To test whether a radial symmetrical version of the Gielis equation is applicable to the ORCT, we set n₂ = n₃ in Equation (3) so that we have:

$$r(\mathsf{\phi })=a{\left({\left|\cos \frac{5}{4}\mathsf{\phi }\right|}^{n_2}+{\left|\sin \frac{5}{4}\mathsf{\phi }\right|}^{n_2}\right)}^{-\frac{1}{n_1}}$$

(4)

We refer to Equations (3) and (4) as Models 1 and 2 for convenience hereinafter.

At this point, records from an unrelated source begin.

Lemma lower_prime_LR : lower_prime [:: L; R].
Proof.
split; last by case=> [|[|k]] // _; rewrite e_cons e0.
split=> // -[[|a [|b A]] [B [nA nB bA _ E]]] //.
  by case: E bA => <-.
by move/(congr1 size): E nB; rewrite /= size_cat; case: B => //= *; lia.
Qed.

Lemma eqv_commute_bracket A B :
  balanced A -> nonneg A -> balanced B -> nonneg B -> eqv_commute A B ->
  eqv_commute (R :: A ++ [:: L]) (R :: B ++ [:: L]).
Proof.
move=> bA nnA bB nnB AB.
have := eqv_cat [:: R] (A ++ [:: L]) (eqv_commute_nonneg_lower bB nnB lower_prime_LR).
have := eqv_cat [:: R; L; R] [:: L] AB.
have := eqv_cat [:: R] (B ++ [:: L]) (eqv_commute_nonneg_lower bA nnA lower_prime_LR).
rewrite /eqv_commute -!catA /= => ALR AB' BLR.
rewrite -!catA /=; apply: rst_trans ALR _; apply: rst_trans AB' _; exact: rst_sym.
Qed.

Theorem eqv_commute_balanced F G : balanced F -> balanced G -> eqv_commute F G.
Proof.
have [n] := ubnP (size F + size G); elim: n => // n IH in F G *.
rewrite ltnS => le_FG bF bG.
have [->|nF] := eqVneq F [::]; first exact: eqv_commute_nil.
have [->|nG] := eqVneq G [::]; first exact/eqv_commute_sym/eqv_commute_nil.
have [P [F' [EF pP bF']]] := balanced_prime_prefix nF bF.
have [Q [G' [EG pQ bG']]] := balanced_prime_prefix nG bG.
have bP : balanced P by case: pP.
have bQ : balanced Q by case: pQ.
have [lt1P lt1Q] := (prime_word_size pP, prime_word_size pQ).
have [EF'|nF'] := eqVneq F' [::]; last first.
  have : (0 < size F')%N by rewrite lt0n size_eq0.
  move: le_FG; rewrite EF size_cat => le_FG lt0F'.
  by apply: eqv_commute_catl; apply: IH => //; lia.
have [EG'|nG'] := eqVneq G' [::]; last first.
  have : (0 < size G')%N by rewrite lt0n size_eq0.
  move: le_FG; rewrite EG size_cat => le_FG lt0G'.
  by apply/eqv_commute_sym/eqv_commute_catl; apply/eqv_commute_sym/IH => //; lia.
rewrite EF EG EF' EG' !cats0 in le_FG *.
have upper_case U V : upper_prime U -> upper_prime V -> (size U + size V <= n)%N ->
    eqv_commute U V.
  move=> /upper_prime_shape[A [-> bA nnA]] /upper_prime_shape[B [-> bB nnB]].
  rewrite /= !size_cat /= => le_UV.
  by apply: eqv_commute_bracket => //; apply: IH => //; lia.
case: (prime_word_upper_or_lower pP) => [UP|DP];
  case: (prime_word_upper_or_lower pQ) => [UQ|DQ].
- exact: upper_case.
- exact: eqv_commute_upper_lower.
- exact/eqv_commute_sym/eqv_commute_upper_lower.
- apply/eqv_commute_mirror/upper_case; rewrite ?size_map //; exact: upper_prime_mirror.
Qed.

2.4. Model Fitting and Data Analysis

We used the Nelder–Mead optimization method [21] to minimize the residual sum of square (RSS) between the observed and predicted polar radii, and obtained the estimated values of the parameters in Equations (3) and (4):

$$\mathrm{RSS}={\displaystyle \sum _{i=1}^N{(r_i-{\widehat{r}}_i)}^2}$$

(5)

where r_i represents the observed distance from the polar point to the i-th point on a scanned ORCT; ${\widehat{r}}_i$ represents the predicted distance from the polar point to the i-th point on the predicted ORCT based on Equation (3) or Equation (4); and N represents the number of data points on a scanned ORCT.

Additionally, the root-mean-square error (RMSE) was calculated to reflect the goodness of fit:

$$\mathrm{RMSE}=\sqrt{\mathrm{RSS}/N}$$

(6)

However, given the influence of the ORCT size (area) on absolute values of RMSE, we used the adjusted RMSE (RMSE_adj) [7,9,22]. In that case, we can directly compare the differences in the model goodness of fits among different ORCT sizes.

$${\mathrm{RMSE}}_{\mathrm{adj}}=\sqrt{\frac{\mathrm{RSS}/N}{S/\mathsf{\pi }}}$$

(7)

where S represents the area of an ORCT. The RMSE_adj represents the ratio of the mean absolute deviation (between the observed and predicted radii from the polar point to the ORCT) to the radius of a hypothetical circle whose area equals to that of the ORCT projection, which can standardize the prediction error regardless of the ORCT size.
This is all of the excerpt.